- WHAT TO DO: Run through the records and show each line that includes the string "case".

- PROVIDED DATA:
┄┄┄┄┄┄
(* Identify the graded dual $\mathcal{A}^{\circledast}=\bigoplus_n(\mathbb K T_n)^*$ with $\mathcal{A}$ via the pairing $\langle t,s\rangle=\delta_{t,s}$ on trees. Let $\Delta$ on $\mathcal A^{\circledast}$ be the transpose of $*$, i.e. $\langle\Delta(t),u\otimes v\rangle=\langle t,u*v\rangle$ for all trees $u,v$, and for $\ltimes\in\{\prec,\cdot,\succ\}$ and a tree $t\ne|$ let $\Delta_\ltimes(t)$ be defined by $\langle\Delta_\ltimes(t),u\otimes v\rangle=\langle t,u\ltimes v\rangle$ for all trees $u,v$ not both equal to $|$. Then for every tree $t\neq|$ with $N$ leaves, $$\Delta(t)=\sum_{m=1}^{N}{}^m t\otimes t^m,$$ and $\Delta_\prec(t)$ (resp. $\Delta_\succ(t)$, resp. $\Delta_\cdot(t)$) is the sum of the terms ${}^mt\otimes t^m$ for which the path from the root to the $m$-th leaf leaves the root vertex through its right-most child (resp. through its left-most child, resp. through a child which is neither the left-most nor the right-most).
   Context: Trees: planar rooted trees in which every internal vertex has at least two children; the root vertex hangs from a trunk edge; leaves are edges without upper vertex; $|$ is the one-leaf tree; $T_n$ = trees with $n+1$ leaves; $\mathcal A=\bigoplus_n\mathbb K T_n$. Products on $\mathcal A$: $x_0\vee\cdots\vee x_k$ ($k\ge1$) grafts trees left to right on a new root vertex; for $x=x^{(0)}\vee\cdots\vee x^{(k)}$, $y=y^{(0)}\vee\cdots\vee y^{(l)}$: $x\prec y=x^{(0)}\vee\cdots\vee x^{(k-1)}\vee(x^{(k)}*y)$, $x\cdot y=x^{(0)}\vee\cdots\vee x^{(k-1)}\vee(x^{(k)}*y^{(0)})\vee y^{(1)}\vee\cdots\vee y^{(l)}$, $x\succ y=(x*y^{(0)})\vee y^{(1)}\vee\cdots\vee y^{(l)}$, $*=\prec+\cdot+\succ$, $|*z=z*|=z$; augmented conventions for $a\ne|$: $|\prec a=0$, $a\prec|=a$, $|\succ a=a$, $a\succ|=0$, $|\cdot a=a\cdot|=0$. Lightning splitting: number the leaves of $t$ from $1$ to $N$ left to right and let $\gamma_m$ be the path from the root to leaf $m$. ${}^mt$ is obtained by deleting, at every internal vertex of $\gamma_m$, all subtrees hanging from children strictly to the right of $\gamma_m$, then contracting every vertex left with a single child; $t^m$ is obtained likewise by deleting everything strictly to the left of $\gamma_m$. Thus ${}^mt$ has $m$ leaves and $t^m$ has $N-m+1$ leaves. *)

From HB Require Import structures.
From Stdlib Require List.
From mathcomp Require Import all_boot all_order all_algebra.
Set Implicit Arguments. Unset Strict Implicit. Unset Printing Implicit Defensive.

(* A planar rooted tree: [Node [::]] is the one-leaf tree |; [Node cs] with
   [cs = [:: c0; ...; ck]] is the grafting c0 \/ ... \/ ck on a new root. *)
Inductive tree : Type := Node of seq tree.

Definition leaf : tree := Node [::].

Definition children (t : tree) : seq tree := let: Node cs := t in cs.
┄┄┄┄┄┄
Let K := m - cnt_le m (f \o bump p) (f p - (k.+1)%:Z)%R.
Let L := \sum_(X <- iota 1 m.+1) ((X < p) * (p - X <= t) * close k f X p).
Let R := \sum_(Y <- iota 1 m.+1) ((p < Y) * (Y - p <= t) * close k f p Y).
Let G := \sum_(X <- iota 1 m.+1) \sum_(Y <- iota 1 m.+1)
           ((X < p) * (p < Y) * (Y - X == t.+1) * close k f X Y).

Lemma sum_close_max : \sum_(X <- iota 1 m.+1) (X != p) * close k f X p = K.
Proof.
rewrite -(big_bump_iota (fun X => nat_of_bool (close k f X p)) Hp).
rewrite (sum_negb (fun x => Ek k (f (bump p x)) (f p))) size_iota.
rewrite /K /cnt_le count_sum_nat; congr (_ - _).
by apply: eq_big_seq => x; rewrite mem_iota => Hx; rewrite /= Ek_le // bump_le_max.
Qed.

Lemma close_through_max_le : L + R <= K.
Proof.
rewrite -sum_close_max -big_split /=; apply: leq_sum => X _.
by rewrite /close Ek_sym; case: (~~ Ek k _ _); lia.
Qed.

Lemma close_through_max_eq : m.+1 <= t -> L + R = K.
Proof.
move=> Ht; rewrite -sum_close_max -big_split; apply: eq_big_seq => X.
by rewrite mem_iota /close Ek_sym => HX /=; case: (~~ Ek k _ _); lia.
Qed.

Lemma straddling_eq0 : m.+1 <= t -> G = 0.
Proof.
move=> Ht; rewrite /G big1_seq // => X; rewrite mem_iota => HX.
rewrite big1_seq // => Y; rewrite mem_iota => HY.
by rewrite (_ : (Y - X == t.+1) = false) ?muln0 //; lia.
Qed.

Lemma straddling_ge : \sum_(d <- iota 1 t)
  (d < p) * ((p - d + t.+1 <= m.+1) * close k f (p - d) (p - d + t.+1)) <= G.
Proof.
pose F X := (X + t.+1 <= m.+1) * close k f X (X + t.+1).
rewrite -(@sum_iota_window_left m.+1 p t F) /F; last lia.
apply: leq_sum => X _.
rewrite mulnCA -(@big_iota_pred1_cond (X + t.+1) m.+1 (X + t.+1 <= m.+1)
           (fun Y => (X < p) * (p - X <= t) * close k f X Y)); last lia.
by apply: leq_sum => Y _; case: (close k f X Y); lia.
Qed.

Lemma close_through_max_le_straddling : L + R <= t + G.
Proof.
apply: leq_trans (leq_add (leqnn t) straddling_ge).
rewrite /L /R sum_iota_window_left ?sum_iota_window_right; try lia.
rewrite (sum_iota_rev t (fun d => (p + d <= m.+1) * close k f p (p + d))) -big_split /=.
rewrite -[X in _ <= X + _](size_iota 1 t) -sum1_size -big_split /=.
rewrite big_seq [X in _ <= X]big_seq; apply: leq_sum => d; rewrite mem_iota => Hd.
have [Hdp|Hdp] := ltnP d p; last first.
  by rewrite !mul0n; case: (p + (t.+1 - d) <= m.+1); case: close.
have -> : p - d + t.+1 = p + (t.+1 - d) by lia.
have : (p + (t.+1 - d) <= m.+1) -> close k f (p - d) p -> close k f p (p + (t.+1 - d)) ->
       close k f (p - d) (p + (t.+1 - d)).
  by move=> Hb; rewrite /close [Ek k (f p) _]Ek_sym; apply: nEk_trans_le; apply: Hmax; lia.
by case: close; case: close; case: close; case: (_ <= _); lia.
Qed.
┄┄┄┄┄┄
- TASK ANSWER:
by rewrite /close Ek_sym; case: (~~ Ek k _ _); lia.
by rewrite mem_iota /close Ek_sym => HX /=; case: (~~ Ek k _ _); lia.
by apply: leq_sum => Y _; case: (close k f X Y); lia.
  by rewrite !mul0n; case: (p + (t.+1 - d) <= m.+1); case: close.
by case: close; case: close; case: close; case: (_ <= _); lia.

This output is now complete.